What is expected => From the listing that follows, report the number of lines with the word "Printing" in them, and no other output.

Input data =>
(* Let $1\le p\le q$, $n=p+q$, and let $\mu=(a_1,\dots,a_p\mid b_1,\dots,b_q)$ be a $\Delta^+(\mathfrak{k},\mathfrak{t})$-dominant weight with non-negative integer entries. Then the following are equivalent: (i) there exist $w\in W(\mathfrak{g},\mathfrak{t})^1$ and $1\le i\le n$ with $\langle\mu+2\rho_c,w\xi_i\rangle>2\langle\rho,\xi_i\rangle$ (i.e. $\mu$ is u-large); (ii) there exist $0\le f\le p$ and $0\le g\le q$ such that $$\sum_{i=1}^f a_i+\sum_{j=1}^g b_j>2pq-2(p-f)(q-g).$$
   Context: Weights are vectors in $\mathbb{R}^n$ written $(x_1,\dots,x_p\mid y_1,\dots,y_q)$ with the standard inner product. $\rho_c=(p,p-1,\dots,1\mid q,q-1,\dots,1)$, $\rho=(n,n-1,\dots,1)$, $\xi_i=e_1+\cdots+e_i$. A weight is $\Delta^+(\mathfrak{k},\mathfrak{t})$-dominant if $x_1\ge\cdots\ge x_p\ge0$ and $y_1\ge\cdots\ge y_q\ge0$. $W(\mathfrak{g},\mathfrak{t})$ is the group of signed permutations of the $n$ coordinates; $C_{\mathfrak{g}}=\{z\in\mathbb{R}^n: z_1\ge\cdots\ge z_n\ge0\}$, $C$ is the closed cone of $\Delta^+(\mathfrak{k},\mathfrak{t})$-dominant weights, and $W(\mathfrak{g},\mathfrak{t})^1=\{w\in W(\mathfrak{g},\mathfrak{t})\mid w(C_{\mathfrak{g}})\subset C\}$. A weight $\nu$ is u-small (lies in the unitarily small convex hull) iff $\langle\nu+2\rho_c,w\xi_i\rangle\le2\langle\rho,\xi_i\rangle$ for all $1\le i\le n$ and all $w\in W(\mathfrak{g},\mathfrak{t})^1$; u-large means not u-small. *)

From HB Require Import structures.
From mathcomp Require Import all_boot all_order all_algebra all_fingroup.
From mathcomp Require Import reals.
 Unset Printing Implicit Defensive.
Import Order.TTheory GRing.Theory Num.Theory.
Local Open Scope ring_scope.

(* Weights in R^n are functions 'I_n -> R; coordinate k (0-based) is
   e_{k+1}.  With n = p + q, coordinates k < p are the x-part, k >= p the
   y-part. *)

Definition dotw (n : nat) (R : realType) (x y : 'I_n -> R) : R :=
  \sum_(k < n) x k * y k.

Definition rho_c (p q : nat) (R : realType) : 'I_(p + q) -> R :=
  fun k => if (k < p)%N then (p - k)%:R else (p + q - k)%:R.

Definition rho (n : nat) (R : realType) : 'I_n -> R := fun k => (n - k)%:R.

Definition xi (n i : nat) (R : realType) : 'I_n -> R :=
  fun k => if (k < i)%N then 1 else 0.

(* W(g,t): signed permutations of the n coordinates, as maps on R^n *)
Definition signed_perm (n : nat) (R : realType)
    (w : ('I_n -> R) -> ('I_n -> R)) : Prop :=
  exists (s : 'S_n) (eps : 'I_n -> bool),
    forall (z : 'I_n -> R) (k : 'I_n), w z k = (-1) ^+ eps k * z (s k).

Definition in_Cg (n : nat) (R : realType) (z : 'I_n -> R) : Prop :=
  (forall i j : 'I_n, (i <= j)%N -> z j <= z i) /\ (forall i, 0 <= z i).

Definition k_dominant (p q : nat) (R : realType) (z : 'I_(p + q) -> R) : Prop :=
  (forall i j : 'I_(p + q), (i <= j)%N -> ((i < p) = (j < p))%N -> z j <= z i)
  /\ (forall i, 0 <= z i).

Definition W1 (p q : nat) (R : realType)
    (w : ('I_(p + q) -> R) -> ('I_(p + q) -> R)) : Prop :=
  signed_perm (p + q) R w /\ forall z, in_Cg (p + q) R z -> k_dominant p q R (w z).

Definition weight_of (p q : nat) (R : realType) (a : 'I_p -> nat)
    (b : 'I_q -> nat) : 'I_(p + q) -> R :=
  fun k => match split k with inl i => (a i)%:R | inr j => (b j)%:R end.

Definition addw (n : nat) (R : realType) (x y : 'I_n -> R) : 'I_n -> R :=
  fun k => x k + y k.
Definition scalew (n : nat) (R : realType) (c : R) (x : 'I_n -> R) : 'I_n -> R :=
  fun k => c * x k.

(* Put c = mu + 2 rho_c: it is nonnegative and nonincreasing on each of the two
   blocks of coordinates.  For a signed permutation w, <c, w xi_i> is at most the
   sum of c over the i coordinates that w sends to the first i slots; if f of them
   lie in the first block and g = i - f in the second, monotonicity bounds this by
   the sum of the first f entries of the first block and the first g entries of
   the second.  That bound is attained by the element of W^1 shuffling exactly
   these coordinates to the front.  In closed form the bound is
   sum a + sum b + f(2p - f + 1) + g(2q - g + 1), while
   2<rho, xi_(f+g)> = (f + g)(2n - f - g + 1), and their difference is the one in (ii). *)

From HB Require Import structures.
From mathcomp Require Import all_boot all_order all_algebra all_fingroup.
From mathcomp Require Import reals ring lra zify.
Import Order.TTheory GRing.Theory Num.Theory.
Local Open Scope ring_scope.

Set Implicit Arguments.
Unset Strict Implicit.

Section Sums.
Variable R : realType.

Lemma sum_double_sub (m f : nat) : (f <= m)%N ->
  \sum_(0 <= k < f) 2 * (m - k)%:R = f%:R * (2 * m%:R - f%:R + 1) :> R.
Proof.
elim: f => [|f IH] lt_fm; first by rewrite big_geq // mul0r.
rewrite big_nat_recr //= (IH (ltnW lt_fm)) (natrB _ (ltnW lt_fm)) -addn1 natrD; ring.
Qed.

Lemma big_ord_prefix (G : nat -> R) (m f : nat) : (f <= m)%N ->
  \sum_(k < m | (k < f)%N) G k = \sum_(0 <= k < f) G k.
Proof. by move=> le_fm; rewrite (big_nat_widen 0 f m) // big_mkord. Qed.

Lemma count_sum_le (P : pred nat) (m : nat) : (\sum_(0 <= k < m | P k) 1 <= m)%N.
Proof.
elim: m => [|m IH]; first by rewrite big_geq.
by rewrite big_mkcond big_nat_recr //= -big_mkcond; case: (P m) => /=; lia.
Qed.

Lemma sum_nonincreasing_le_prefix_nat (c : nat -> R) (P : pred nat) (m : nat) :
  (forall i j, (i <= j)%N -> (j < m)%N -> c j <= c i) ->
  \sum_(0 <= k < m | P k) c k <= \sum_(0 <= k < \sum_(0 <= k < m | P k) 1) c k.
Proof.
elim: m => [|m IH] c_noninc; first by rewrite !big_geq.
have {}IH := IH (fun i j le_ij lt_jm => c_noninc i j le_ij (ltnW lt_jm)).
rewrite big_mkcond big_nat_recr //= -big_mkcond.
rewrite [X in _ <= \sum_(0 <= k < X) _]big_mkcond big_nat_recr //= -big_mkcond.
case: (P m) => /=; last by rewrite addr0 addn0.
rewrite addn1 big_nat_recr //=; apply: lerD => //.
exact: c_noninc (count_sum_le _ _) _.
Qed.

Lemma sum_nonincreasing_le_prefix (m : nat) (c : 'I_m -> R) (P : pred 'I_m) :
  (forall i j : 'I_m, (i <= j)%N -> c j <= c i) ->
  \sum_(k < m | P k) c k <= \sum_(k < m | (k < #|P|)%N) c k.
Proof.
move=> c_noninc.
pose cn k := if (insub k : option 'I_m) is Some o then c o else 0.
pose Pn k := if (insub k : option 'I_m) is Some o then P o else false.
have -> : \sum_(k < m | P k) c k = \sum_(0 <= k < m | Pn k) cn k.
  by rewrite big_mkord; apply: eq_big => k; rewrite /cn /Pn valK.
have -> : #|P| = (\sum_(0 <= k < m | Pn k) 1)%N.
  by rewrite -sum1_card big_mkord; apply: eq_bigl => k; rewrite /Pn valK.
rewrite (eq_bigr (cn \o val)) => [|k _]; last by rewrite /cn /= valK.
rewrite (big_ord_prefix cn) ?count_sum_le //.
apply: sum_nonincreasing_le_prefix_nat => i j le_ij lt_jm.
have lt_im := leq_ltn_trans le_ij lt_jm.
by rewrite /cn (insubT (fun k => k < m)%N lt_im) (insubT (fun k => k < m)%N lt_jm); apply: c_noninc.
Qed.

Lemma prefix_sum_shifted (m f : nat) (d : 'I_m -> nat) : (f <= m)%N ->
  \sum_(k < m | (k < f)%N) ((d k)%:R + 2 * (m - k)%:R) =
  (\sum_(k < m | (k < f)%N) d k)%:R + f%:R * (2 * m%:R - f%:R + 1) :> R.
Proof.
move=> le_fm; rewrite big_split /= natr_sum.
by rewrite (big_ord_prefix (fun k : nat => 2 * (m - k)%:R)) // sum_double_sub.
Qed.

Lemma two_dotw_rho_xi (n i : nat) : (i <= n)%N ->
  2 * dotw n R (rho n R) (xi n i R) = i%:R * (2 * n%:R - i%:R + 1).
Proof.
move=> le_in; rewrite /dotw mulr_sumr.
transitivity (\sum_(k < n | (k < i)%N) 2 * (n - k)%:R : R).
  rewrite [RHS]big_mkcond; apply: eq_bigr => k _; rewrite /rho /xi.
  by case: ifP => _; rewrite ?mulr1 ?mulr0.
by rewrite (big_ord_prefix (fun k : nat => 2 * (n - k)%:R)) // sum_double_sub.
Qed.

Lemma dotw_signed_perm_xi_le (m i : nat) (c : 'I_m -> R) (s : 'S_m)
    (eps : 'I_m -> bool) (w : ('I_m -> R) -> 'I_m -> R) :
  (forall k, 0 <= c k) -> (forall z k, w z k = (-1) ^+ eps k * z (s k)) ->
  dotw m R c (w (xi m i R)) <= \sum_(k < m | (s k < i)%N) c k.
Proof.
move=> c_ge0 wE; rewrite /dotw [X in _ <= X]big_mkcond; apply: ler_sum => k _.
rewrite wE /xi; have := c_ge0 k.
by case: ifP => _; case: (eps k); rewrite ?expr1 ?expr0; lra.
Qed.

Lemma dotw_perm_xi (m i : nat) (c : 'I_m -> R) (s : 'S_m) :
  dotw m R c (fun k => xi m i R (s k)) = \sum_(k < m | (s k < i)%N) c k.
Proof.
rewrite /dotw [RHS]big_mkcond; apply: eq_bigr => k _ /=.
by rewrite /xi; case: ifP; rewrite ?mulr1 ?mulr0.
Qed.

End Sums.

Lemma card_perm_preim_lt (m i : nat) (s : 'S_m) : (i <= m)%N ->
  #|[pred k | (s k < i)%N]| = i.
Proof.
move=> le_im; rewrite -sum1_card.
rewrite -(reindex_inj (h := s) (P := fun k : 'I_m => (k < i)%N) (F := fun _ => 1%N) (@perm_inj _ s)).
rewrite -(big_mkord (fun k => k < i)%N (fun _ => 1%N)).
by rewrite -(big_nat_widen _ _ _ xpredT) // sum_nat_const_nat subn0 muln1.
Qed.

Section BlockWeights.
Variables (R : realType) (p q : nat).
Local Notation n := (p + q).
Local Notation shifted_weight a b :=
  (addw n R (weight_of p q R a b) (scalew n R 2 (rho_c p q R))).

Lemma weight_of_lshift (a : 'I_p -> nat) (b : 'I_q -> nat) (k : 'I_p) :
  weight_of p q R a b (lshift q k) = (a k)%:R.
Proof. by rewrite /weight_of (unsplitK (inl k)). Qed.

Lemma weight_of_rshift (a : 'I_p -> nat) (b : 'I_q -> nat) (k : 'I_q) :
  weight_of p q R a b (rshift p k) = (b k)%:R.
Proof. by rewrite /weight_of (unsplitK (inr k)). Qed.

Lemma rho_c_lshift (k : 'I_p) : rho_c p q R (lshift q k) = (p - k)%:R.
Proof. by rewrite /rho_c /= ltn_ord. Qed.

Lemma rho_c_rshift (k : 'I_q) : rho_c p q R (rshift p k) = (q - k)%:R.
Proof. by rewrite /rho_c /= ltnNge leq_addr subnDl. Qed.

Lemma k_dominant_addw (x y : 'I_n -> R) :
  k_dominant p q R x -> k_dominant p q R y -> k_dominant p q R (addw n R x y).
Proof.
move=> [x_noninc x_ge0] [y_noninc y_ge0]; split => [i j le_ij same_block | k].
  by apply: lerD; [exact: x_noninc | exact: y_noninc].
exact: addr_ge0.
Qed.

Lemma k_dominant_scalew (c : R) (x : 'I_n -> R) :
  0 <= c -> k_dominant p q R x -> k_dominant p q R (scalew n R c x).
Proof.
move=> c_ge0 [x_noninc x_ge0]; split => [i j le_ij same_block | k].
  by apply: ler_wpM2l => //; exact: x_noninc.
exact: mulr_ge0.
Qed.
---
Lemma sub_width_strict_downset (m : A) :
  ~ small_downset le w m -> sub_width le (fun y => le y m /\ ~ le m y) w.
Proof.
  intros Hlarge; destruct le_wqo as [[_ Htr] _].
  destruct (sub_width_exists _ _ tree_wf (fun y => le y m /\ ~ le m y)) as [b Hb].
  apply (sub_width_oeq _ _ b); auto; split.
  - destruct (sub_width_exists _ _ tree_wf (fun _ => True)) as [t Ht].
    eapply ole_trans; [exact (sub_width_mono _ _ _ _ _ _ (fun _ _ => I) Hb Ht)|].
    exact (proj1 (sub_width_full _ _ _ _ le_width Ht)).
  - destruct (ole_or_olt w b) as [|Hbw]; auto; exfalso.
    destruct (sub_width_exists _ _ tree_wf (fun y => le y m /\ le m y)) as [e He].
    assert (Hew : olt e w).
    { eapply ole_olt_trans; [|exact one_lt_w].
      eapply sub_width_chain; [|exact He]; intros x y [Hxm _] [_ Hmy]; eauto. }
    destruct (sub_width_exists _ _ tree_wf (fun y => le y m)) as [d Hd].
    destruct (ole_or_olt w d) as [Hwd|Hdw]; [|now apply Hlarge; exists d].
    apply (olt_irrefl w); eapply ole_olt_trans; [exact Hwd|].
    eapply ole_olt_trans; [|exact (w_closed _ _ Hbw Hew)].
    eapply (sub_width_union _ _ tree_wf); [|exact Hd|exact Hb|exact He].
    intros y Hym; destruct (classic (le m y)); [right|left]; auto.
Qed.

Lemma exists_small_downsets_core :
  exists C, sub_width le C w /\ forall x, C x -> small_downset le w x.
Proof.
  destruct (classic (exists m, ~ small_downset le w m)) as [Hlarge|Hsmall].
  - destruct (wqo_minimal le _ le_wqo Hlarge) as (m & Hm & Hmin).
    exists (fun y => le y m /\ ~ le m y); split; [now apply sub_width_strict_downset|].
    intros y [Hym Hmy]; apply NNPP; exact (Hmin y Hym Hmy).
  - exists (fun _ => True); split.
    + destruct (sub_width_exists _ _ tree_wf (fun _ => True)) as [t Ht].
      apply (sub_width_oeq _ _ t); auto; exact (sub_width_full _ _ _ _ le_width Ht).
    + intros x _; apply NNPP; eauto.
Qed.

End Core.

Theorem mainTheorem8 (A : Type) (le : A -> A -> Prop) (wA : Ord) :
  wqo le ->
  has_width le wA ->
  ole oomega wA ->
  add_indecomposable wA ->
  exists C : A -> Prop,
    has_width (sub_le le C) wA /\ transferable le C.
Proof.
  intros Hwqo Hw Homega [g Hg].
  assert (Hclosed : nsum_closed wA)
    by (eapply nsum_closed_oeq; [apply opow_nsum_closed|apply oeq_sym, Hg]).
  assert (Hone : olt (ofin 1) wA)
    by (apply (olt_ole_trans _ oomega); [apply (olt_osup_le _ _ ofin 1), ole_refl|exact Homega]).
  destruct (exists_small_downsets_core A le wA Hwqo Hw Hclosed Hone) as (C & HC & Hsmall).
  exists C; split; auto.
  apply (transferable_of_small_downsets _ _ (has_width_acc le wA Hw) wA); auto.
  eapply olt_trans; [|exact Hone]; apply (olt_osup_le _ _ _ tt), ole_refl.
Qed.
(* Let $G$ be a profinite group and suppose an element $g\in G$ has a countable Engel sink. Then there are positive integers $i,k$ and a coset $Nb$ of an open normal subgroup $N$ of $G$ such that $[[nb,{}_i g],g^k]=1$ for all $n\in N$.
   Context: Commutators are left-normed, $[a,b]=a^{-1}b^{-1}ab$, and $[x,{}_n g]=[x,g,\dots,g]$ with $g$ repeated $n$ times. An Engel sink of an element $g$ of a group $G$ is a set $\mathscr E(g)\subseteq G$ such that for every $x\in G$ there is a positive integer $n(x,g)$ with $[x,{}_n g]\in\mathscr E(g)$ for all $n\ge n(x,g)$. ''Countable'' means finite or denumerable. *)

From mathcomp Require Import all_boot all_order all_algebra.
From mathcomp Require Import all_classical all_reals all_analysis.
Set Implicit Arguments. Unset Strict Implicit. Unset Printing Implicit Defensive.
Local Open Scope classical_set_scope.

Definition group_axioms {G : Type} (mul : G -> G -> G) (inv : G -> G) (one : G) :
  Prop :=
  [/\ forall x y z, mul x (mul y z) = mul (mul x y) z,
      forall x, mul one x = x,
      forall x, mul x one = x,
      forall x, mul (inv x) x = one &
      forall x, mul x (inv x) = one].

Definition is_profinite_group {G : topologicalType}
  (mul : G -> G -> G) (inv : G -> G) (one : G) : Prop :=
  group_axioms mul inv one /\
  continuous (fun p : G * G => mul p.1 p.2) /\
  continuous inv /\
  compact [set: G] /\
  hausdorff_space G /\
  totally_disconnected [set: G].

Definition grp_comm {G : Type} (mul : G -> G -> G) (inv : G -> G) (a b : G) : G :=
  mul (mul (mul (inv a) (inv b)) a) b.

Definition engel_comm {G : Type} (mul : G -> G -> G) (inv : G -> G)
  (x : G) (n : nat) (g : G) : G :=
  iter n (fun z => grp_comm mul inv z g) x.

Solution to the exercise => 2